Ms Pauline Hungwe, a teacher in Khartoum, experienced the sound of gunfire and bombings for the first time in her life when conflict erupted in the capital on April 15. She said stray bullets were visible shelling through walls, and she feared for her life. After a week of fighting, things worsened as dead bodies were scattered around the city. Ms Hungwe expressed concern about the traumatic experience for children who witnessed the violence.

Mrs Brenda Mutandwa-Chiswa, a teacher, and her husband were in Riyad, a suburb close to the fighting in Khartoum when the conflict erupted. They described heavy bombings, fighter jets flying over their homes, and continuous gunfire. Food became a luxury, and they had to go for extended periods without water and electricity. Mr Sydney Chiswa expressed fear and concern about skyrocketing prices and the scarcity of water due to the violence.
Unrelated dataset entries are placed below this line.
Definition jordan_forced_at P a y : option ((nat * nat) * nat) :=
  if jordan_cells P a y is Some (l, r) then
    match entry P l.1 l.2, entry P r.1 r.2 with
    | Some u, None => Some (r, u)
    | None, Some w => Some (l, w)
    | _, _ => None
    end
  else None.

Definition jordan_violated P := has (fun p => jordan_violated_at P p.1 p.2) pairs9.

Definition jordan_forced P :=
  let forced p := jordan_forced_at P p.1 p.2 in
  forced (nth (0, 0) pairs9 (find (fun p => forced p) pairs9)).

Definition assoc_at P a b c :=
  if entry P a b is Some ab then if entry P b c is Some bc then
  if entry P a bc is Some l then if entry P ab c is Some r then l == r
  else false else false else false else false.

Definition assoc_table P :=
  all (fun a => all (fun b => all (assoc_at P a b) (iota 0 9)) (iota 0 9)) (iota 0 9).

(* Every recursive call fills a new cell of the upper triangle, so fuel 46
   suffices.  Plain [if]s rather than [||] keep [vm_compute] from exploring
   branches that are already refuted. *)
Fixpoint search_assoc fuel P : bool :=
  if fuel is n.+1 then
    if jordan_violated P then true else
    if jordan_forced P is Some (c, v) then
      if v \in candidates P c.1 c.2 then search_assoc n (set_entry P c.1 c.2 v) else true
    else if most_constrained_cell P is Some (a, b) then
      all (fun v => search_assoc n (set_entry P a b v)) (candidates P a b)
    else assoc_table P
  else false.

Definition init_table : ptable :=
  set_entry (set_entry (foldl (fun P j => set_entry P 0 j j) [::] (iota 0 9)) 1 1 2) 1 2 3.

Definition jordan_table n (t : nat -> nat -> nat) :=
  [/\ forall a b, a < n -> b < n -> t a b < n,
      forall a b, t a b = t b a,
      forall a b c, a < n -> b < n -> c < n -> t a b = t a c -> b = c &
      forall a y, a < n -> y < n -> t (t a a) (t y a) = t (t (t a a) y) a].

Definition table_assoc n (t : nat -> nat -> nat) :=
  forall a b c, a < n -> b < n -> c < n -> t a (t b c) = t (t a b) c.

Section SearchSoundness.

Variable t : nat -> nat -> nat.
Hypothesis tJ : jordan_table 9 t.

Definition completes P := forall a b v, entry P a b = Some v -> [/\ a < 9, b < 9 & t a b = v].

Lemma completes_set_entry P a b v : completes P -> a < 9 -> b < 9 -> t a b = v ->
  completes (set_entry P a b v).
Proof.
case: tJ => _ tC _ _ tP a9 b9 tab i j w; rewrite entry_set_entry.
case: ifP => [/orP[] /andP[/eqP-> /eqP->] [<-] // | _]; [by rewrite tC | exact: tP].
Qed.

Lemma mul_in_candidates P a b : completes P -> a < 9 -> b < 9 -> t a b \in candidates P a b.
Proof.
case: tJ => t9 tC tK _ tP a9 b9.
rewrite mem_filter mem_iota leq0n add0n t9 // !andbT.
apply/andP; split; apply/hasPn => c _; apply/negP => /andP[ne].
  case E: (entry P a c) => [w|] // /eqP wE; case: (tP _ _ _ E) => _ c9 tw.
  by move: ne; rewrite (tK a c b) ?eqxx // tw wE.
case E: (entry P b c) => [w|] // /eqP wE; case: (tP _ _ _ E) => _ c9 tw.
by move: ne; rewrite (tK b c a) ?eqxx // tw wE tC.
Qed.

Lemma jordan_cells_sound P a y l r : completes P -> jordan_cells P a y = Some (l, r) ->
  [/\ l.1 < 9, l.2 < 9, r.1 < 9, r.2 < 9 & t l.1 l.2 = t r.1 r.2].
Proof.
case: tJ => t9 _ _ tJor tP; rewrite /jordan_cells.
case Eaa: (entry P a a) => [aa|] //; case Eya: (entry P y a) => [ya|] //.
case Eaay: (entry P aa y) => [aay|] // [<- <-] /=.
case: (tP _ _ _ Eaa) => a9 _ taa; case: (tP _ _ _ Eya) => y9 _ tya.
case: (tP _ _ _ Eaay) => aa9 _ taay; subst aa ya aay.
by split; rewrite ?t9 ?tJor.
Qed.

Lemma jordan_not_violated P : completes P -> ~~ jordan_violated P.
Proof.
move=> tP; rewrite /jordan_violated; apply/hasPn => -[a y] _; rewrite /jordan_violated_at.
case E: (jordan_cells P a y) => [[l r]|] //.
case: (jordan_cells_sound tP E) => _ _ _ _ lr.
case El: (entry P _ _) => [u|] //; case Er: (entry P _ _) => [w|] //.
case: (tP _ _ _ El) => _ _ <-; case: (tP _ _ _ Er) => _ _ <-.
by rewrite lr eqxx.
Qed.

Lemma jordan_forced_sound P c v : completes P -> jordan_forced P = Some (c, v) ->
  [/\ c.1 < 9, c.2 < 9 & t c.1 c.2 = v].
Proof.
move=> tP; rewrite /jordan_forced /jordan_forced_at.
case E: (jordan_cells P _ _) => [[l r]|] //.
case: (jordan_cells_sound tP E) => l1 l2 r1 r2 lr.
case El: (entry P l.1 l.2) => [u|]; case Er: (entry P r.1 r.2) => [w|] // [<- <-].
  by case: (tP _ _ _ El) => _ _ <-; rewrite lr.
by case: (tP _ _ _ Er) => _ _ <-; rewrite lr.
Qed.

Lemma most_constrained_cell_free P a b :
  most_constrained_cell P = Some (a, b) -> (a, b) \in free_cells P.
Proof.
rewrite /most_constrained_cell; case: (free_cells P) => [|c cs] // [<-].
elim: cs c => [|d cs IH] c /=; first exact: mem_head.
by case: ifP => _; [move: (IH d) | move: (IH c)];
  rewrite !inE => /orP[] ->; rewrite ?orbT.
Qed.

Lemma mem_free_cells P a b : (a, b) \in free_cells P -> a < 9 /\ b < 9.
Proof.
rewrite mem_filter => /andP[_ /allpairsP[[i j] []]].
by rewrite !mem_iota => /andP[_ i9] /andP[_ j9] [-> ->].
Qed.

Lemma assoc_table_sound P : completes P -> assoc_table P -> table_assoc 9 t.
Proof.
move=> tP /allP tA a b c a9 b9 c9.
move: tA => /(_ a); rewrite mem_iota a9 => /(_ isT) /allP /(_ b).
rewrite mem_iota b9 => /(_ isT) /allP /(_ c); rewrite mem_iota c9 => /(_ isT).
rewrite /assoc_at.
case Eab: (entry P a b) => [ab|] //; case Ebc: (entry P b c) => [bc|] //.
case El: (entry P a bc) => [l|] //; case Er: (entry P ab c) => [r|] // /eqP lr.
case: (tP _ _ _ Eab) => _ _ ->; case: (tP _ _ _ Ebc) => _ _ ->.
by case: (tP _ _ _ El) => _ _ ->; case: (tP _ _ _ Er) => _ _ ->.
Qed.

Lemma search_assoc_sound fuel P : completes P -> search_assoc fuel P -> table_assoc 9 t.
Proof.
elim: fuel P => [|n IH] P tP //=.
rewrite (negbTE (jordan_not_violated tP)).
case Ef: (jordan_forced P) => [[c v]|].
  case: (jordan_forced_sound tP Ef) => c1 c2 <-.
  by rewrite (mul_in_candidates tP c1 c2); apply/IH/completes_set_entry.
case Ep: (most_constrained_cell P) => [[a b]|]; last exact: assoc_table_sound.
case: (mem_free_cells (most_constrained_cell_free Ep)) => a9 b9 /allP /(_ _ (mul_in_candidates tP a9 b9)).
by apply: IH; apply: completes_set_entry.
Qed.

End SearchSoundness.

Lemma completes_init_table t : jordan_table 9 t ->
  (forall j, j < 9 -> t 0 j = j) -> t 1 1 = 2 -> t 1 2 = 3 -> completes t init_table.
Proof.
move=> tJ t0 t11 t12.
have init_row P js : completes t P -> all (gtn 9) js ->
    completes t (foldl (fun P j => set_entry P 0 j j) P js).
  elim: js P => [|j js IH] P //= tP /andP[j9 js9]; apply: IH js9.
  exact: completes_set_entry (t0 j j9).
do 2 apply: completes_set_entry => //.
by apply: init_row => // a b v; rewrite /entry !nth_nil.
Qed.

Lemma search_ok : search_assoc 50 init_table.
Proof. vm_cast_no_check (erefl true). Qed.

Definition enum_from (T : finType) (l : seq T) := l ++ [seq z <- enum T | z \notin l].

Lemma mem_enum_from (T : finType) (l : seq T) z : z \in enum_from l.
Proof. by rewrite mem_cat mem_filter mem_enum andbT orbN. Qed.

Lemma enum_from_uniq (T : finType) (l : seq T) : uniq l -> uniq (enum_from l).
Proof.
move=> ul; rewrite cat_uniq ul filter_uniq ?enum_uniq //= andbT.
by apply/hasPn => z; rewrite mem_filter => /andP[].
Qed.

Lemma generated_subloopT (T : finType) (mul : T -> T -> T) e x S :
  generates mul e x -> is_subloop mul e S -> x \in S -> S = setT.
Proof. by move=> gen subS xS; apply/setP => z; rewrite inE (gen z S subS xS). Qed.

Section JordanLoop.

Variables (T : finType) (mul : T -> T -> T) (e : T).
Hypothesis hJ : is_jordan_loop mul e.

Lemma mul1q x : mul e x = x. Proof. by case: hJ => [[/(_ x)[]]]. Qed.

Lemma mulqC : commutative mul. Proof. by case: hJ => _ []. Qed.

Lemma mulq1 x : mul x e = x. Proof. by rewrite mulqC mul1q. Qed.

Lemma mulq_jordan x y : mul (mul x x) (mul y x) = mul (mul (mul x x) y) x.
Proof. by case: hJ => _ []. Qed.

Lemma mulqI a : injective (mul a).
Proof.
move=> y1 y2 E; case: hJ => [[_ [/(_ a (mul a y1)) [z [_ uniq_z]] _]] _].
by rewrite -(uniq_z y1) // (uniq_z y2).
Qed.

Lemma mul_closed_subloop (S : {set T}) :
  e \in S -> {in S &, forall a b, mul a b \in S} -> is_subloop mul e S.
Proof.
move=> eS mulS.
have divS a z : a \in S -> mul a z \in S -> z \in S.
  move=> aS; have onto : [set mul a s | s in S] = S.
    apply/eqP; rewrite eqEcard card_imset; last exact: mulqI.
    by rewrite leqnn andbT; apply/subsetP => _ /imsetP[s sS ->]; apply: mulS.
  by rewrite -{1}onto => /imsetP[s sS /mulqI ->].
by split=> //; split=> //; split=> [|a y aS]; [exact: divS | rewrite mulqC; exact: divS].
Qed.

Lemma cube_notin_squares x : generates mul e x -> 3 < #|T| ->
  mul x (mul x x) \notin [:: e; x; mul x x].
Proof.
move=> gen card3; apply/negP => x3S.
pose S := [set z in [:: e; x; mul x x]].
have {}x3S : mul x (mul x x) \in S by rewrite inE.
have x4S : mul (mul x x) (mul x x) \in S.
  rewrite mulq_jordan [mul (mul x x) x]mulqC mulqC.
  by move: (x3S); rewrite !inE => /or3P[] /eqP x3E; rewrite !x3E ?mulq1 eqxx ?orbT.
have subS : is_subloop mul e S.
  apply: mul_closed_subloop => [|a b]; first by rewrite !inE eqxx.
  rewrite !inE in x3S x4S *; move=> /or3P[] /eqP-> /or3P[] /eqP->;
    by rewrite ?mul1q ?mulq1 1?[mul (mul x x) x]mulqC ?eqxx ?orbT.
have : #|S| <= 3 by rewrite cardsE card_size.
by rewrite (generated_subloopT gen subS) ?cardsT ?inE ?eqxx ?orbT // leqNgt card3.
Qed.

Lemma first_powers_uniq x : mul x (mul x x) \notin [:: e; x; mul x x] ->
  uniq [:: e; x; mul x x; mul x (mul x x)].
Proof.
rewrite !inE !negb_or => /and3P[x3e x3x x3xx].
have ex : e != x by apply: contraNneq x3e => <-; rewrite !mul1q.
have exx : e != mul x x by apply: contraNneq x3x => <-; rewrite mulq1.
have xxx : x != mul x x by apply: contraNneq ex; rewrite -{1}[x]mulq1 => /mulqI ->.
by rewrite /= !inE !negb_or ex exx xxx !(eq_sym _ (mul x (mul x x))) x3e x3x x3xx.
Qed.

Definition mul_table (s : seq T) a b := index (mul (nth e s a) (nth e s b)) s.

Section MulTable.

Variable s : seq T.
Hypotheses (s_uniq : uniq s) (mem_s : forall z, z \in s).

Lemma size_table_enum : size s = #|T|.
Proof. by rewrite -(card_uniqP s_uniq); apply: eq_card. Qed.

Lemma nth_mul_table a b : nth e s (mul_table s a b) = mul (nth e s a) (nth e s b).
Proof. exact: nth_index. Qed.

Lemma mul_table_jordan : jordan_table #|T| (mul_table s).
Proof.
rewrite -size_table_enum; split=> [a b _ _ | a b | a b c _ b_lt c_lt | a y _ _].
- by rewrite index_mem.
- by rewrite /mul_table mulqC.
- move/(congr1 (nth e s)); rewrite !nth_mul_table => /mulqI bc.
  by rewrite -(index_uniq e b_lt s_uniq) bc index_uniq.
- by apply: (congr1 (index^~ s)); rewrite !nth_mul_table mulq_jordan.
Qed.

Lemma mul_table_assoc : table_assoc #|T| (mul_table s) -> is_group_op mul.
Proof.
rewrite -size_table_enum => tA x y z.
have index_lt w : index w s < size s by rewrite index_mem.
move: (tA _ _ _ (index_lt x) (index_lt y) (index_lt z)).
by move/(congr1 (nth e s)); rewrite !nth_mul_table !nth_index.
Qed.

End MulTable.

End JordanLoop.

Theorem lemma3p8 (T : finType) (mul : T -> T -> T) (e : T) :
  #|T| = 9 ->
  is_jordan_loop mul e ->
  (exists x : T, generates mul e x) ->
  is_group_op mul.
Proof.
move=> card9 hJ [x gen].
have x3_new : mul x (mul x x) \notin [:: e; x; mul x x].
  by apply: (cube_notin_squares hJ gen); rewrite card9.
pose s := enum_from [:: e; x; mul x x; mul x (mul x x)].
have s_uniq : uniq s := enum_from_uniq (first_powers_uniq hJ x3_new).
have mem_s : forall z, z \in s := mem_enum_from _.
have index_nth i : i < 9 -> index (nth e s i) s = i.
  by move=> i_lt; rewrite index_uniq // (size_table_enum s_uniq mem_s) card9.
apply: (mul_table_assoc s_uniq mem_s); rewrite card9.
have tJ := mul_table_jordan hJ s_uniq mem_s; rewrite card9 in tJ.
apply: (search_assoc_sound tJ _ search_ok).
apply: completes_init_table => // [j j_lt | |]; rewrite /mul_table.
- by rewrite (_ : nth e s 0 = e) // (mul1q hJ); apply: index_nth.
- exact: (index_nth 2).
- exact: (index_nth 3).
Qed.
Mrs Mutandwa-Chiswa is still traumatised by the experience.

Ambassador Emmanuel Runganga Gumbo stated that they took advantage of a temporary ceasefire to evacuate Zimbabwean nationals. He mobilized logistics to move to the relatively safe Port Sudan, and the Zimbabwean nationals had to make their way to the embassy by 5:30 am on Sunday morning. A bus then took them to the United Nations offices to join the convoy, and all were successfully evacuated without anyone being left behind. Ambassador Gumbo has also returned home.

Fighting broke out in Khartoum in mid-April between the Sudanese army under General Abdel Fattah al-Burhan, who is considered the country’s de facto ruler, and a paramilitary group, Rapid Support Forces (RSF), led by General Mohamed Hamdan Dagalo.